After some exploratory circling of each other and emitting of the Klingon war whoop, Davis brought the confrontation to a swift end by performing the Vulcan death grip on the surprised Hodges, who had been under the impression that the move was prohibited under bylaws their group had adapted from the Articles of the Federation.

"He just stopped, looked heavenwards and sank to his knees in shock and pain," said eyewitness Todd "Sarek" Darden. "He looked exactly like Vic Tayback in 'A Piece of the Action.' The poor guy didn't have a chance."

When the case came to trial, Davis was cleared of all charges by a jury of Lost in Space fans who ruled that the whole thing was silly and beneath their attention.

No further incidents of Trek-related violence besmirched the New Rochelle legal calendar until seven years later, when two men outside a local movie theater that was showing The Wrath of Khan drew knives to decide if Capt. James T. Kirk had been justified in cheating on the Kobayashi Maru portion of his Starfleet evaluation. Both participants were found guilty of reckless endangerment and sentenced to 18 additional months of living in the spare rooms above their parents' garages.

State of Wisconsin v. English (filed Feb. 18., 1984, in 8th District Circuit Court, Valley View, Wis.) – One of the few incidents of rock-concert violence on the Wisconsin books that did not involve drugs, alcohol or an opening set by Krokus, this landmark case arose out of a timeless controversy: Who invented the "devil's horns" hand gesture that metalheads far and wide recognize as their most stirring show of solidarity?

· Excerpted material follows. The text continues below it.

(* Let $D_1,D_2\in B(\ell^2)$ be the diagonal operators $D_1(x_1,x_2,\ldots)=(2^{-1}x_1,2^{-2}x_2,\ldots)$ and $D_2(x_1,x_2,\ldots)=(2^{-2}x_1,2^{-4}x_2,\ldots)$ (i.e. diagonals $2^{-n}$ and $2^{-2n}$). Then $I_{D_1}=I_{D_2}$, but $D_1$ and $D_2$ are not equivalent after extension. In particular, for compact operators, generating the same operator ideal does not imply equivalence after extension.
   Context: $\ell^2=\ell^2(\mathbb N)$ over $\mathbb C$; $B(X,Y)$ denotes bounded linear operators. $X\oplus Y$ is the $\ell^2$-direct sum, $\mathrm{id}_X$ the identity. Operators $T\in B(X)$ and $S\in B(Y)$ are equivalent after extension if there exist Banach spaces $X'$, $Y'$ and invertible (boundedly) operators $E\in B(Y\oplus Y',X\oplus X')$ and $F\in B(X\oplus X',Y\oplus Y')$ with $\begin{bmatrix}T&0\\0&\mathrm{id}_{X'}\end{bmatrix}=E\begin{bmatrix}S&0\\0&\mathrm{id}_{Y'}\end{bmatrix}F$. For $T\in B(X,Y)$ and Banach spaces $Z_1,Z_2$, $I_T(Z_1,Z_2)=\bigcup_{n\in\mathbb N}\{\sum_{j=1}^n R_jTR_j' : R_j\in B(Y,Z_2),\ R_j'\in B(Z_1,X)\}$ and $I_T=\bigcup_{Z_1,Z_2}I_T(Z_1,Z_2)$; $I_T=I_S$ means equality of these sets for all $Z_1,Z_2$. *)

From Stdlib Require Import Reals Lra Psatz.
Open Scope R_scope.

If one were to ask Badger State music fan Larry English, the answer would have to be "Ronnie James Dio," English's idol ever since the day the latter inherited a cassette of Rainbow Rising from a brother bound for Grenada. The younger English's assurance that Dio's Italian-American heritage had inspired the mystical symbol may have found favor within the Knights of the Last in Line – an appreciation society English himself founded – but it caused him nothing but trouble when he attended a Feb. 11, 1984, concert by Quiet Riot and King Kobra at the Valley View Veterans' Memorial Arena.

During the break between bands, English became enraged when he observed a concertgoer in a KISS sports jersey flashing the twin-pronged hand sign to friends who were similarly attired. English knew that this troubling behavior reflected a common misconception: that KISS bassist Gene Simmons had invented the gesture sometime during that band's 1976 Destroyer tour of North America. Having devoted the better part of his junior year to poring over issues of Hit Parader (an activity that often involved the use of a highlighter), English knew this to be untrue. Shouting to make himself heard above the pretaped din of AC/DC's Back in Black, he urged the stranger to cease and desist.

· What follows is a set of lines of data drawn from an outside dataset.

(* Evaluation at the root [x = r] is a ring morphism out of [R[x]/(x^2 - p x - q)]. *)
Lemma flow_rootD s t :
  al (s + t) + r * be (s + t) = (al s + r * be s) * (al t + r * be t).
Proof.
rewrite (flow_alD F) (flow_beD F).
have -> : (al s + r * be s) * (al t + r * be t) =
  al s * al t + q * (be s * be t) + r * (al s * be t + be s * al t + p * (be s * be t))
  + be s * be t * (r ^+ 2 - p * r - q) by ring.
by rewrite root_r; ring.
Qed.

Lemma flow_root_gt0 t : 0 < al t + r * be t.
Proof.
have f0 : al 0 + r * be 0 = 1 by rewrite (flow_al0 F) (flow_be0 F) mulr0 addr0.
rewrite lt_neqAle; apply/andP; split.
  apply/eqP => ft; have := flow_rootD t (- t).
  by rewrite subrr f0 -ft mul0r => /eqP; rewrite oner_eq0.
by rewrite (splitr t) flow_rootD -expr2 sqr_ge0.
Qed.

End Root.

Section RealRoots.
Hypothesis disc_ge0 : 0 <= disc.

Let sq := Num.sqrt disc.
Let r1 := (p + sq) / 2.
Let r2 := (p - sq) / 2.

Let root_r1 : r1 ^+ 2 = p * r1 + q.
Proof.
apply/eqP; rewrite -subr_eq0.
have -> : r1 ^+ 2 - (p * r1 + q) = (sq ^+ 2 - disc) / 4 by rewrite /r1; field.
by rewrite sqr_sqrtr // subrr mul0r.
Qed.

Let root_r2 : r2 ^+ 2 = p * r2 + q.
Proof.
apply/eqP; rewrite -subr_eq0.
have -> : r2 ^+ 2 - (p * r2 + q) = (sq ^+ 2 - disc) / 4 by rewrite /r2; field.
by rewrite sqr_sqrtr // subrr mul0r.
Qed.

Lemma flow_trace_gt0 t : 0 < 2 * al t + p * be t.
Proof.
have -> : 2 * al t + p * be t = (al t + r1 * be t) + (al t + r2 * be t).
  by rewrite /r1 /r2; field.
by rewrite addr_gt0 // flow_root_gt0.
Qed.

(* [be t = 0] makes [t] a root of a continuous additive function not vanishing
   at [t1]: [be / (al + r1 be)] for a double root, [ln] of the quotient of the two
   characters otherwise. *)
Lemma flow_be_eq0 t0 : be t0 = 0 -> t0 = 0.
Proof.
move=> be_t0; apply/eqP; apply: contraT => t0_neq0.
have f1_gt0 := flow_root_gt0 root_r1; have f2_gt0 := flow_root_gt0 root_r2.
have [sq0|sq_neq0] := eqVneq sq 0.
  pose g t := be t / (al t + r1 * be t).
  have gD s t : g (s + t) = g s + g t.
    rewrite /g flow_rootD // (flow_beD F).
    have p_r1 : p = 2 * r1 by rewrite /r1 sq0 addr0; field.
    by rewrite p_r1; field; rewrite !gt_eqF.
  have cg : continuous g.
    move=> x; apply: cvgM; first exact: (flow_be_cont F).
    by apply: cvgV; [rewrite gt_eqF | exact: continuous_flow_comb _].
  have := additive_root_eq0 gD cg t0_neq0; rewrite /g be_t0 mul0r => /(_ erefl t1).
  have r1_gt0 : 0 < r1 by have := f1_gt0 t1; rewrite (flow_al1 F) (flow_be1 F) mulr1 add0r.
  by rewrite (flow_al1 F) (flow_be1 F) mul1r mulr1 add0r => /eqP; rewrite invr_eq0 gt_eqF.
pose g t := ln (al t + r1 * be t) - ln (al t + r2 * be t).
have gD s t : g (s + t) = g s + g t.
  by rewrite /g !flow_rootD // !lnM ?posrE //; ring.
have cg : continuous g.
  move=> x; apply: cvgB; apply: continuous_comp; try exact: continuous_flow_comb _;
  exact: continuous_ln.
have := additive_root_eq0 gD cg t0_neq0; rewrite /g be_t0 !mulr0 subrr => /(_ erefl t1).
move/eqP; rewrite subr_eq0 => /eqP /ln_inj; rewrite !posrE => /(_ (f1_gt0 _) (f2_gt0 _)).
rewrite (flow_al1 F) (flow_be1 F) !mulr1 !add0r /r1 /r2 => /eqP.
rewrite -subr_eq0 -mulrBl mulf_eq0 invr_eq0 pnatr_eq0 orbF.
have -> : p + sq - (p - sq) = 2 * sq by ring.
by rewrite mulf_eq0 pnatr_eq0 (negPf sq_neq0).
Qed.

End RealRoots.

Section ComplexRoots.
Hypothesis disc_lt0 : disc < 0.

(* [re + i im] is the character [t |-> al t + be t * x] evaluated at the root
   [x = p / 2 + i w]. *)
Let w := Num.sqrt (- disc) / 2.
Let re t := al t + p / 2 * be t.
Let im t := w * be t.

Let w_gt0 : 0 < w.
Proof. by rewrite divr_gt0 // sqrtr_gt0 oppr_gt0. Qed.

Let reD t : re (t + t) = re t ^+ 2 - im t ^+ 2.
Proof.
have w2 : w ^+ 2 = - disc / 4.
  by rewrite expr_div_n sqr_sqrtr ?oppr_ge0 ?ltW // -natrX.
by rewrite /re /im (flow_alD F) (flow_beD F) exprMn w2; field.
Qed.

Let imD t : im (t + t) = 2 * re t * im t.
Proof. by rewrite /re /im (flow_beD F); field. Qed.

Let norm_gt0 t : 0 < re t ^+ 2 + im t ^+ 2.
Proof.
rewrite lt_neqAle addr_ge0 ?sqr_ge0 // andbT eq_sym paddr_eq0 ?sqr_ge0 //.
rewrite !sqrf_eq0 /im mulf_eq0 (gt_eqF w_gt0) /=; apply/andP => -[/eqP re_t /eqP be_t].
by apply: (flow_neq0 (t := t)); rewrite /re be_t mulr0 addr0 in re_t.
Qed.

(* Otherwise [re / |re + i im|] would be a positive solution of the cosine
   doubling formula different from [1] at [t1]. *)
Let re_root : exists s, re s = 0.
Proof.
have cre : continuous re by exact: continuous_flow_comb _.
suff [T re_T] : exists T, re T <= 0.
  apply: (continuous_sign_change_root (a := 0) (b := T)) cre _.
  by rewrite /re (flow_al0 F) (flow_be0 F) mulr0 addr0 mul1r.
apply/not_existsP => re_gt0; have {}re_gt0 t : 0 < re t by rewrite ltNge; apply/negP.
pose c t := re t / Num.sqrt (re t ^+ 2 + im t ^+ 2).
have c2 t : c t ^+ 2 = re t ^+ 2 / (re t ^+ 2 + im t ^+ 2).
  by rewrite expr_div_n sqr_sqrtr // ltW.
have c01 t : 0 < c t <= 1.
  have ct_gt0 : 0 < c t by rewrite divr_gt0 ?sqrtr_gt0.
  have : c t ^+ 2 <= 1 by rewrite c2 ler_pdivrMr // mul1r lerDl sqr_ge0.
  by rewrite ct_gt0 /=; nra.
have cD t : c (t + t) = 2 * c t ^+ 2 - 1.
  have nD : re (t + t) ^+ 2 + im (t + t) ^+ 2 = (re t ^+ 2 + im t ^+ 2) ^+ 2.
    by rewrite reD imD; ring.
  rewrite c2 /c nD sqrtr_sqr ger0_norm ?ltW // reD.
  by field; rewrite gt_eqF.
have := cos_doubling_eq1 c01 cD t1; apply/eqP; rewrite neq_lt; apply/orP; left.
have : c t1 ^+ 2 < 1.
  rewrite c2 ltr_pdivrMr // mul1r ltrDl /im (flow_be1 F) mulr1 exprn_gt0 //.
by have /andP [ct1_gt0 _] := c01 t1; nra.
Qed.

Said stranger was one Rob Urbanowski, a sergeant-at-arms in the Ferndale, Wis., chapter of the KISS Army. Used to fielding such challenges from nonbelievers, Urbanowski was ready with a scathing but witty riposte that referenced English's mother and the defensive line of the Green Bay Packers.

The row that ensued can only be termed violent in a strictly one-sided sense. Urbanowski wasted no time in brandishing a small canister of Mace that the arena's security staff had failed to locate on his person during a cursory pat-down earlier in the evening. But English chose to invest his faith in the disputed hand symbol itself, thrusting forefinger and pinkie at Urbanowski in a frantic attempt to give him the evil eye.

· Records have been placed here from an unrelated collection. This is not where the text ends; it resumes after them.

(* Let $A\in\mathbb{R}^{n\times n}$, $r\in\{1,\dots,n-1\}$ with $\mathrm{Re}(\lambda_r(A))>\mathrm{Re}(\lambda_{r+1}(A))$, let $P\in\mathbb{R}^{n\times n}$ be a permutation matrix with $Pe_i=e_{\pi(i)}$, and let $\bar U_P=\Psi P\begin{bsmallmatrix}K_r\\ O_{n-r,r}\end{bsmallmatrix}\in\mathrm{St}(r,n)$, with $K_r\in\mathbb{C}^{r\times r}$ invertible, be an equilibrium point of the Oja flow $\frac{dU}{dt}=(I_n-UU^{\top})AU$. Then the eigenvalues (with multiplicity) of $\bar U_P^{\top}A\bar U_P$ are $\lambda_{\pi(1)}(A),\dots,\lambda_{\pi(r)}(A)$.
   Context: $\mathrm{St}(r,n):=\{X\in\mathbb{R}^{n\times r}\mid X^{\top}X=I_r\}$. Eigenvalues of $A$ are ordered as $\mathrm{Re}(\lambda_1(A))\ge\dots\ge\mathrm{Re}(\lambda_n(A))$. $\Psi=[\psi_1,\dots,\psi_n]\in\mathbb{C}^{n\times n}$ is an invertible matrix of unit-norm (generalized) eigenvectors of $A$ for $\lambda_1(A),\dots,\lambda_n(A)$ with $\Psi^{-1}A\Psi$ the Jordan form of $A$. *)

From HB Require Import structures.
From mathcomp Require Import all_boot all_order all_fingroup all_algebra.
From mathcomp Require Import complex.
From mathcomp Require Import reals.
Set Implicit Arguments. Unset Strict Implicit. Unset Printing Implicit Defensive.
Import Order.TTheory GRing.Theory Num.Theory.
Local Open Scope ring_scope.

Definition cmx (R : realType) (m p : nat) (M : 'M[R]_(m, p)) : 'M[R[i]]_(m, p) :=
  map_mx (fun x : R => (x%:C)%C) M.

Definition is_jordan_form (R : realType) (n : nat) (J : 'M[R[i]]_n) (lam : seq R[i]) : Prop :=
  [/\ forall i : 'I_n, J i i = lam`_i,
      forall i j : 'I_n, (j : nat) <> i -> (j : nat) <> i.+1 -> J i j = 0 &
      forall i j : 'I_n, (j : nat) = i.+1 ->
        J i j = 0 \/ (J i j = 1 /\ lam`_i = lam`_j)].

(* lam = (lambda_1, ..., lambda_n) (0-indexed here) is the list of eigenvalues of A,
   ordered by nonincreasing real part, and Psi is an invertible matrix of unit-norm
   (generalized) eigenvectors such that Psi^-1 A Psi is the Jordan form of A. *)
Definition ordered_jordan_basis (R : realType) (n : nat) (A : 'M[R]_n)
    (lam : seq R[i]) (Psi : 'M[R[i]]_n) : Prop :=
  [/\ size lam = n,
      forall i j : 'I_n, (i <= j)%N -> complex.Re lam`_j <= complex.Re lam`_i,
      Psi \in unitmx,
      forall j : 'I_n, \sum_(i < n) `|Psi i j| ^+ 2 = 1 &
      is_jordan_form (invmx Psi *m cmx A *m Psi) lam].

Definition perm_matrix (F : pzRingType) (n : nat) (pi : 'S_n) : 'M[F]_n :=
  \matrix_(k, i) (k == pi i)%:R.

Definition stiefel (R : realType) (n r : nat) (U : 'M[R]_(n, r)) : Prop :=
  U^T *m U = 1%:M.

Definition oja_equilibrium (R : realType) (n r : nat) (A : 'M[R]_n) (U : 'M[R]_(n, r)) : Prop :=
  (1%:M - U *m U^T) *m A *m U = 0.

From HB Require Import structures.
From mathcomp Require Import all_boot all_order all_fingroup all_algebra.
From mathcomp Require Import complex.
From mathcomp Require Import reals.
Import Order.TTheory GRing.Theory Num.Theory.
Local Open Scope ring_scope.

(* The equilibrium equation (I - U U^T) A U = 0 says A U = U B with
   B = U^T A U, so the columns of U span an A-invariant subspace.  In the
   Jordan basis Psi this subspace is, up to the invertible K, the coordinate
   subspace of the indices pi(1), ..., pi(r); hence B is similar to the
   principal submatrix of the Jordan form J on these indices.  Ranking its rows
   and columns by the value of pi makes this submatrix upper triangular, because
   J is, so its characteristic polynomial is the product of the X - lambda_pi(i). *)

Lemma perm_rank_descent {T : finType} {g : T -> nat} {s : {perm T}} :
  injective g -> s != 1%g -> exists i, (g (s i) < g i)%N.
Proof.
move=> g_inj s_neq1; apply/existsP; apply: contraR s_neq1 => /existsPn no_descent.
have g_le i : (g i <= g (s i))%N by rewrite leqNgt no_descent.
have : (\sum_i (g (s i) - g i) == 0)%N.
  have sum_perm : (\sum_i g (s i) = \sum_i g i)%N.
    by rewrite [RHS](reindex_inj (@perm_inj _ s)).
  by rewrite sumnB // sum_perm subnn.
rewrite sum_nat_eq0 => /forallP g_fixed.
apply/eqP/permP => i; rewrite perm1; apply: g_inj; apply/eqP.
by rewrite eqn_leq g_le andbT -subn_eq0; apply: g_fixed.
Qed.

Lemma det_trig_rank {R : comPzRingType} {n} {g : 'I_n -> nat} (A : 'M[R]_n) :
  injective g -> (forall i j, (g j < g i)%N -> A i j = 0) -> \det A = \prod_i A i i.
Proof.
move=> g_inj A_trig; rewrite /determinant (bigD1 1%g) //= [X in _ + X]big1 ?addr0.
  by rewrite odd_perm1 expr0 mul1r; apply: eq_bigr => i _; rewrite perm1.
move=> s s_neq1; have [i descent] := perm_rank_descent g_inj s_neq1.
by rewrite (bigD1 i) //= A_trig // mul0r mulr0.
Qed.

Lemma char_poly_trig_rank {R : comNzRingType} {n} {g : 'I_n -> nat} (A : 'M[R]_n) :
  injective g -> (forall i j, (g j < g i)%N -> A i j = 0) ->
  char_poly A = \prod_i ('X - (A i i)%:P).
Proof.
move=> g_inj A_trig; rewrite /char_poly (det_trig_rank _ g_inj).
  by apply: eq_bigr => i _; rewrite !mxE eqxx.
move=> i j descent; have /negbTE ij : i != j by apply: contraTneq descent => ->; rewrite ltnn.
by rewrite !mxE A_trig // ij subrr.
Qed.

Lemma char_poly_similar {F : fieldType} {n} {M B K : 'M[F]_n} :
  K \in unitmx -> M *m K = K *m B -> char_poly M = char_poly B.
Proof.
move=> K_unit MK; set Kp := map_mx polyC K.
have : char_poly_mx M *m Kp = Kp *m char_poly_mx B.
  by rewrite mulmxBl mulmxBr mul_scalar_mx mul_mx_scalar -!map_mxM MK.
move/(congr1 determinant); rewrite !det_mulmx [RHS]mulrC det_map_mx.
by apply: mulIf; rewrite polyC_eq0 -unitfE -unitmxE.
Qed.

Lemma char_poly_ulsubmx_invariant {F : fieldType} {r m}
    {M : 'M[F]_(r + m)} {K B : 'M[F]_r} :
  K \in unitmx -> M *m col_mx K 0 = col_mx K 0 *m B ->
  char_poly B = char_poly (ulsubmx M).
Proof.
move=> K_unit; rewrite -[M]submxK mul_block_col mul_col_mx => /eq_col_mx [MK _].
by apply/esym/(char_poly_similar K_unit); rewrite -MK block_mxKul mulmx0 addr0.
Qed.

Lemma ulsubmx_perm_conj (R : pzRingType) r m (s : 'S_(r + m)) (M : 'M[R]_(r + m)) :
  ulsubmx (perm_mx s *m M *m perm_mx s^-1) =
  \matrix_(i, j) M (s (lshift m i)) (s (lshift m j)).
Proof. by apply/matrixP => i j; rewrite -row_permE -col_permE !mxE. Qed.

Lemma perm_conj_intertwine {R : pzRingType} {n p} {s : 'S_n} {M : 'M[R]_n}
    {X : 'M[R]_(n, p)} {B : 'M[R]_p} :
  M *m (perm_mx s^-1 *m X) = perm_mx s^-1 *m X *m B ->
  perm_mx s *m M *m perm_mx s^-1 *m X = X *m B.
Proof.
by move=> MX; rewrite -!mulmxA MX !mulmxA -perm_mxM mulgV perm_mx1 mul1mx.
Qed.

Lemma perm_matrixE (R : pzRingType) n (s : 'S_n) : perm_matrix R s = perm_mx s^-1.
Proof. by apply/matrixP => k i; rewrite !mxE (can2_eq (permKV s) (permK s)). Qed.

Lemma cmxM (R : realType) a b c (X : 'M[R]_(a, b)) (Y : 'M[R]_(b, c)) :
  cmx (X *m Y) = cmx X *m cmx Y.
Proof. exact: map_mxM. Qed.

Lemma jordan_form_upper {R : realType} {n} {J : 'M[R[i]]_n} {lam} :
  is_jordan_form J lam -> forall i j : 'I_n, (j < i)%N -> J i j = 0.
Proof.
case=> _ J_band _ i j ji; apply: J_band => [e|e]; move: ji; rewrite e.
  by rewrite ltnn.
by rewrite ltnNge leqnSn.
Qed.

Lemma oja_equilibrium_invariant {R : realType} {n r} {A : 'M[R]_n} {U : 'M[R]_(n, r)} :
  oja_equilibrium A U -> A *m U = U *m (U^T *m A *m U).
Proof.
rewrite /oja_equilibrium !mulmxBl !mul1mx => /eqP; rewrite subr_eq0 => /eqP ->.
by rewrite !mulmxA.
Qed.

Theorem proposition3 (R : realType) (r m : nat) (hr : (0 < r)%N) (hm : (0 < m)%N)
    (A : 'M[R]_(r + m)) (lam : seq R[i]) (Psi : 'M[R[i]]_(r + m))
    (hPsi : ordered_jordan_basis A lam Psi)
    (hgap : complex.Re lam`_r < complex.Re lam`_(r.-1))
    (pi : 'S_(r + m)) (K : 'M[R[i]]_r) (hK : K \in unitmx)
    (U : 'M[R]_(r + m, r))
    (hU : cmx U = Psi *m perm_matrix _ pi *m col_mx K 0)
    (hSt : stiefel U)
    (heq : oja_equilibrium A U) :
  char_poly (cmx (U^T *m A *m U)) =
  \prod_(i < r) ('X - (lam`_(pi (lshift m i)))%:P).
Proof.
case: hPsi => _ _ Psi_unit _ J_jordan.
set J := invmx Psi *m cmx A *m Psi in J_jordan *.
set B := cmx (U^T *m A *m U); set W := col_mx K (0 : 'M_(m, r)).
have AU : cmx A *m cmx U = cmx U *m B by rewrite -!cmxM -(oja_equilibrium_invariant heq).
have JPW : J *m (perm_mx pi^-1 *m W) = perm_mx pi^-1 *m W *m B.
  rewrite perm_matrixE -mulmxA in hU.
  by rewrite /J -!mulmxA -hU AU hU !mulmxA mulVmx // mul1mx.
rewrite (char_poly_ulsubmx_invariant hK (perm_conj_intertwine JPW)) ulsubmx_perm_conj.
have pi_rank_inj : injective (fun i => val (pi (lshift m i))).
  by move=> i j /val_inj /perm_inj /lshift_inj.
rewrite (char_poly_trig_rank _ pi_rank_inj).
  by apply: eq_bigr => i _; rewrite mxE; case: J_jordan => ->.
by move=> i j descent; rewrite mxE (jordan_form_upper J_jordan).
Qed.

No matter how sincere, English's quasi-religious line of attack could not compete with Urbanowski's store-bought survival tactics, and the former was soon writhing on the floor of the arena in teary torment.

The judge who heard the case found English guilty of promoting Satanic practices at a family-oriented event. Urbanowski later sued him in civil court, claiming emotional distress and the loss of a week's pay for landscaping services he was too traumatized to perform. A jury awarded him $5,000 and a new belt chain for his wallet, which had been damaged in the "fight."